(* Let $f_1,\dots,f_M:\mathbb{R}\to[0,1]$ be cumulative distribution functions and $w_1,\dots,w_M\in\mathbb{R}$ real weights (not necessarily positive), and let $F(x)=\sum_{i=1}^M w_i f_i(x)$. For $1\le M'<M$ write $F(x)=F_{M'}(x)+R_{M'}(x)$ with $F_{M'}(x)=\sum_{i=1}^{M'} w_i f_i(x)$ and $R_{M'}(x)=\sum_{i=M'+1}^M w_i f_i(x)$, and set \[\epsilon_-=\sum_{i=M'+1}^M [w_i]_-\le 0,\qquad \epsilon_+=\sum_{i=M'+1}^M [w_i]_+\ge 0.\] Then for every $x$, $R_{M'}(x)\in[\epsilon_-,\epsilon_+]$. Moreover, assuming $F$ and $F_{M'}$ are continuous and strictly increasing with quantile functions $F^{-1}$, $F_{M'}^{-1}$, for $p\in(0,1)$ with $p+\epsilon_-,\,p+\epsilon_+\in(0,1)$, \[F^{-1}(p+\epsilon_-)\le F_{M'}^{-1}(p)\le F^{-1}(p+\epsilon_+).\]
   Context: $[w]_+=\max(w,0)$ and $[w]_-=\min(w,0)$. For a continuous strictly increasing function $G$, $G^{-1}(q)$ denotes the unique $x$ with $G(x)=q$. Such mixtures with signed weights arise from sparse grid quadrature. *)

From Stdlib Require Import Reals.
From Coquelicot Require Import Coquelicot.
Open Scope R_scope.

Definition is_cdf (f : R -> R) : Prop :=
  (forall x y, x <= y -> f x <= f y) /\
  (forall x, filterlim f (at_right x) (locally (f x))) /\
  is_lim f m_infty 0 /\
  is_lim f p_infty 1 /\
  (forall x, 0 <= f x <= 1).

Definition pos_part (w : R) : R := Rmax w 0.
Definition neg_part (w : R) : R := Rmin w 0.

Definition mixture (w : nat -> R) (f : nat -> R -> R) (a b : nat) (x : R) : R :=
  sum_n_m (fun i => w i * f i x) a b.

Definition strictly_increasing (G : R -> R) : Prop :=
  forall x y, x < y -> G x < G y.

(* x = G^{-1}(q): the (for strictly increasing G, unique) x with G(x) = q. *)
Definition is_quantile (G : R -> R) (q x : R) : Prop := G x = q.

(* The tail R_{M'} is a weighted sum of values in [0,1], so each term
   w_i f_i(x) lies between [w_i]_- and [w_i]_+; summing gives
   eps_- <= R_{M'} <= eps_+.  At q = F_{M'}^{-1}(p) this reads
   p + eps_- <= F(q) <= p + eps_+, and since F is strictly increasing the
   quantiles of F at the two ends bracket q. *)

From Stdlib Require Import Reals Lra Lia.
From Coquelicot Require Import Coquelicot.
Open Scope R_scope.

Lemma sum_n_m_le_loc (a b : nat -> R) (n m : nat) :
  (forall k, (n <= k <= m)%nat -> a k <= b k) ->
  sum_n_m a n m <= sum_n_m b n m.
Proof.
  intros Hab.
  rewrite (sum_n_m_ext_loc a (fun k => Rmin (a k) (b k))).
  - apply sum_n_m_le; intros k; apply Rmin_r.
  - intros k Hk; rewrite Rmin_left; auto.
Qed.

Lemma neg_part_le_mul (w t : R) : 0 <= t <= 1 -> neg_part w <= w * t.
Proof. intros Ht; unfold neg_part; apply Rmin_case_strong; intros; nra. Qed.

Lemma mul_le_pos_part (w t : R) : 0 <= t <= 1 -> w * t <= pos_part w.
Proof. intros Ht; unfold pos_part; apply Rmax_case_strong; intros; nra. Qed.

Lemma mixture_bounds (w : nat -> R) (f : nat -> R -> R) (a b : nat) (x : R) :
  (forall i, (a <= i <= b)%nat -> 0 <= f i x <= 1) ->
  sum_n_m (fun i => neg_part (w i)) a b <= mixture w f a b x
  <= sum_n_m (fun i => pos_part (w i)) a b.
Proof.
  intros Hf; unfold mixture; split; apply sum_n_m_le_loc; intros i Hi.
  - exact (neg_part_le_mul _ _ (Hf i Hi)).
  - exact (mul_le_pos_part _ _ (Hf i Hi)).
Qed.

Lemma mixture_split (w : nat -> R) (f : nat -> R -> R) (a m b : nat) (x : R) :
  (a <= S m)%nat -> (m <= b)%nat ->
  mixture w f a b x = mixture w f a m x + mixture w f (S m) b x.
Proof. intros Ham Hmb; unfold mixture; exact (sum_n_m_Chasles _ a m b Ham Hmb). Qed.

Lemma strictly_increasing_le_reflect (G : R -> R) (x y : R) :
  strictly_increasing G -> G x <= G y -> x <= y.
Proof.
  intros HG Hxy; apply Rnot_lt_le; intros Hyx; apply HG in Hyx; lra.
Qed.

Lemma quantile_le (G : R -> R) (q1 q2 x1 x2 : R) :
  strictly_increasing G -> is_quantile G q1 x1 -> is_quantile G q2 x2 ->
  q1 <= q2 -> x1 <= x2.
Proof.
  unfold is_quantile; intros HG H1 H2 Hq.
  apply (strictly_increasing_le_reflect G _ _ HG); lra.
Qed.

Theorem proposition2 (M M' : nat) (w : nat -> R) (f : nat -> R -> R)
  (Hcdf : forall i, (1 <= i <= M)%nat -> is_cdf (f i))
  (HM' : (1 <= M' < M)%nat) :
  let F := mixture w f 1 M in
  let FM := mixture w f 1 M' in
  let RM := mixture w f (S M') M in
  let eps_minus := sum_n_m (fun i => neg_part (w i)) (S M') M in
  let eps_plus := sum_n_m (fun i => pos_part (w i)) (S M') M in
  (forall x, eps_minus <= RM x <= eps_plus) /\
  ((forall x, continuous F x) -> strictly_increasing F ->
   (forall x, continuous FM x) -> strictly_increasing FM ->
   forall p, 0 < p < 1 -> 0 < p + eps_minus < 1 -> 0 < p + eps_plus < 1 ->
   forall qm qp qFM,
     is_quantile F (p + eps_minus) qm ->
     is_quantile FM p qFM ->
     is_quantile F (p + eps_plus) qp ->
     qm <= qFM <= qp).
Proof.
  intros F FM RM em ep.
  assert (HR : forall x, em <= RM x <= ep).
  { intros x; apply mixture_bounds; intros i Hi.
    destruct (Hcdf i ltac:(lia)) as (_ & _ & _ & _ & H01); apply H01. }
  split; [exact HR |].
  (* Continuity and the range conditions on p only serve to make the
     quantiles exist; here they are given, so monotonicity of F suffices. *)
  intros _ HF _ _ p _ _ _ qm qp qFM Hqm HqFM Hqp.
  assert (HFq : is_quantile F (p + RM qFM) qFM).
  { unfold is_quantile, FM in HqFM; unfold is_quantile, F, RM.
    rewrite (mixture_split _ _ 1 M' M) by lia.
    now rewrite HqFM. }
  specialize (HR qFM).
  split; [apply (quantile_le F _ _ _ _ HF Hqm HFq)
        | apply (quantile_le F _ _ _ _ HF HFq Hqp)]; lra.
Qed.
Lemma closing_of_reducible_subst g B :
  scoped_base B -> reducible_subst g B -> closing_subst ar g (map fst B) B.
Proof.
  intros HB Hg; pose proof Hg as [Hlc Hid _]; split; auto.
  - intros n Hn; apply (reducible_subst_closed g B n Hg Hn).
  - intros y s Hy _; split.
    + apply (proj2 (fv_reducible_subst g B Hg)), (HB (y, s) Hy).
    + apply (reducible_typing ar dag mprob), (rs_red _ _ Hg); auto.
Qed.

Lemma typing_reducible_subst B M t (D : typing ar B M t) g : scoped_base B ->
  reducible_subst g B -> inhabited (typing ar [] (subst_t g M) (subst_ty g t)).
Proof.
  intros HB Hg.
  destruct ((proj1 (typing_subst ar)) B M t D g (map fst B) (closing_of_reducible_subst g B HB Hg))
    as [D'].
  rewrite restrict_base_nil in D'; [constructor; auto |].
  intros; apply in_map; auto.
Qed.

Lemma lc_reducible_subst B M t (D : typing ar B M t) g :
  reducible_subst g B -> lc_t 0 (subst_t g M).
Proof. intro Hg; apply (proj1 (lc_subst g (rs_lc _ _ Hg))); eapply typing_lc; eauto. Qed.

Lemma closed_reducible_subst B M t (D : typing ar B M t) g :
  reducible_subst g B -> names_in B (fv_t M) -> closed (subst_t g M).
Proof.
  intros Hg HM; split; [apply (proj1 (fv_reducible_subst g B Hg)); auto |].
  eapply lc_reducible_subst; eauto.
Qed.

Lemma reducible_subst_cons g B x s N : reducible_subst g B -> scoped_base B ->
  ~ In x (map fst B) -> names_in B (fv_ty s) -> reducible (subst_ty g s) N ->
  reducible_subst (upd g x N) ((x, s) :: B) /\ scoped_base ((x, s) :: B).
Proof.
  intros [Hlc Hid Hred] HB Hx Hs HN.
  assert (Hfresh : forall t : ty G, names_in B (fv_ty t) -> subst_ty (upd g x N) t = subst_ty g t)
    by (intros t Ht; apply subst_ty_upd_fresh; intro; apply Hx; auto).
  split; [split|].
  - apply lc_map_upd; auto; apply (reducible_closed _ _ _ _ _ HN).
  - intros n Hn; unfold upd; destruct (Nat.eqb_spec n x) as [->|]; [exfalso; apply Hn; left; auto|].
    apply Hid; intro; apply Hn; right; auto.
  - intros y s0 [[= <- <-]|Hy]; [rewrite Hfresh, upd_eq; auto |].
    rewrite Hfresh by (apply (HB (y, s0) Hy)).
    unfold upd; destruct (Nat.eqb_spec y x) as [->|]; [exfalso; apply Hx; eapply in_map_fst; eauto|].
    auto.
  - intros p [<-|Hp] n Hn; right; [apply Hs | apply (HB p Hp)]; auto.
Qed.

Lemma good_index_eval E k : eval ar dag mprob E 1%R (Num k) -> good_index E.
Proof. intros; exists E, k; split; auto; apply rst_refl. Qed.

Lemma tyeq_circ (a b : term G) : clos_refl_sym_trans _ tstep a b -> tyeq (TCirc a) (TCirc b).
Proof.
  intro H; induction H; [apply rst_step, S_circ; auto | apply rst_refl | apply rst_sym; auto |].
  eapply rst_trans; eauto.
Qed.

Lemma tconv_op o (a a' b b' : term G) :
  clos_refl_sym_trans _ tstep a a' -> clos_refl_sym_trans _ tstep b b' ->
  clos_refl_sym_trans _ tstep (Op o a b) (Op o a' b').
Proof.
  intros Ha Hb; apply rst_trans with (Op o a' b).
  - induction Ha; [apply rst_step, S_op1; auto | apply rst_refl | apply rst_sym; auto |].
    eapply rst_trans; eauto.
  - induction Hb; [apply rst_step, S_op2; auto | apply rst_refl | apply rst_sym; auto |].
    eapply rst_trans; eauto.
Qed.

Lemma good_index_op o E0 E1 : good_index E0 -> good_index E1 -> good_index (Op o E0 E1).
Proof.
  intros [E0' [k0 [H0 H0']]] [E1' [k1 [H1 H1']]].
  exists (Op o E0' E1'), (opfun o k0 k1); split.
  - apply tyeq_tyeq_head in H0, H1; apply tyeq_circ, tconv_op; auto.
  - replace 1%R with (1 * 1)%R by ring; apply E_op; auto.
Qed.

Lemma good_index_num n : good_index (Num n).
Proof. apply good_index_eval with n; constructor. Qed.

Definition sem_typed (B : base G) (M : term G) (t : ty G) : Prop :=
  scoped_base B -> names_in B (fv_t M) ->
  forall g, reducible_subst g B -> reducible (subst_ty g t) (subst_t g M).

Definition sem_wf (B : base G) (s : ty G) : Prop :=
  yshape s -> scoped_base B -> names_in B (fv_ty s) ->
  forall g, reducible_subst g B -> good_codomain (subst_ty g s).

Lemma sem_lam B x s N t (D : typing ar ((x, s) :: B) (open_t 0 (FVar x) N) (open_ty 0 (FVar x) t)) :
  ~ In x (map fst B) -> ~ In x (fv_t N) -> ~ In x (fv_ty t) ->
  sem_typed ((x, s) :: B) (open_t 0 (FVar x) N) (open_ty 0 (FVar x) t) ->
  sem_typed B (Lam s N) (TPi s t).
Proof.
  intros Hx HxN Hxt IH HB HM g Hg.
  pose (DL := T_lam ar B x s N t Hx HxN Hxt D).
  destruct (typing_reducible_subst _ _ _ DL g HB Hg) as [DL'].
  assert (HcL := closed_reducible_subst _ _ _ DL g Hg HM).
  apply reducible_pi; split; auto; split; [constructor; auto |].
  intros Q HQ; assert (HcQ := reducible_closed _ _ _ _ _ HQ).
  assert (Hs : names_in B (fv_ty s)) by (intros n Hn; apply HM; simpl; apply in_or_app; auto).
  destruct (reducible_subst_cons g B x s Q Hg HB Hx Hs HQ) as [Hg' HB'].
  apply reducible_beta_expand.
  - apply closed_app; auto.
  - destruct (reducible_typing _ _ _ _ _ HQ) as [DQ]; constructor; eapply T_app; eauto.
  - assert (HN : names_in ((x, s) :: B) (fv_t (open_t 0 (FVar x) N))).
    { intros m Hm; apply (proj1 fv_open) in Hm as [Hm|[<-|[]]]; simpl; auto.
      right; apply HM; simpl; apply in_or_app; auto. }
    specialize (IH HB' HN _ Hg').
    rewrite subst_t_open_upd, subst_ty_open_upd in IH by (auto; apply (rs_lc _ _ Hg) || apply HcQ).
    exact IH.
Qed.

| TASK TO COMPLETE |
If a line of the records above holds the word "FVar", show it.

| EXERCISE OUTPUT |
Lemma sem_lam B x s N t (D : typing ar ((x, s) :: B) (open_t 0 (FVar x) N) (open_ty 0 (FVar x) t)) :
  sem_typed ((x, s) :: B) (open_t 0 (FVar x) N) (open_ty 0 (FVar x) t) ->
  - assert (HN : names_in ((x, s) :: B) (fv_t (open_t 0 (FVar x) N))).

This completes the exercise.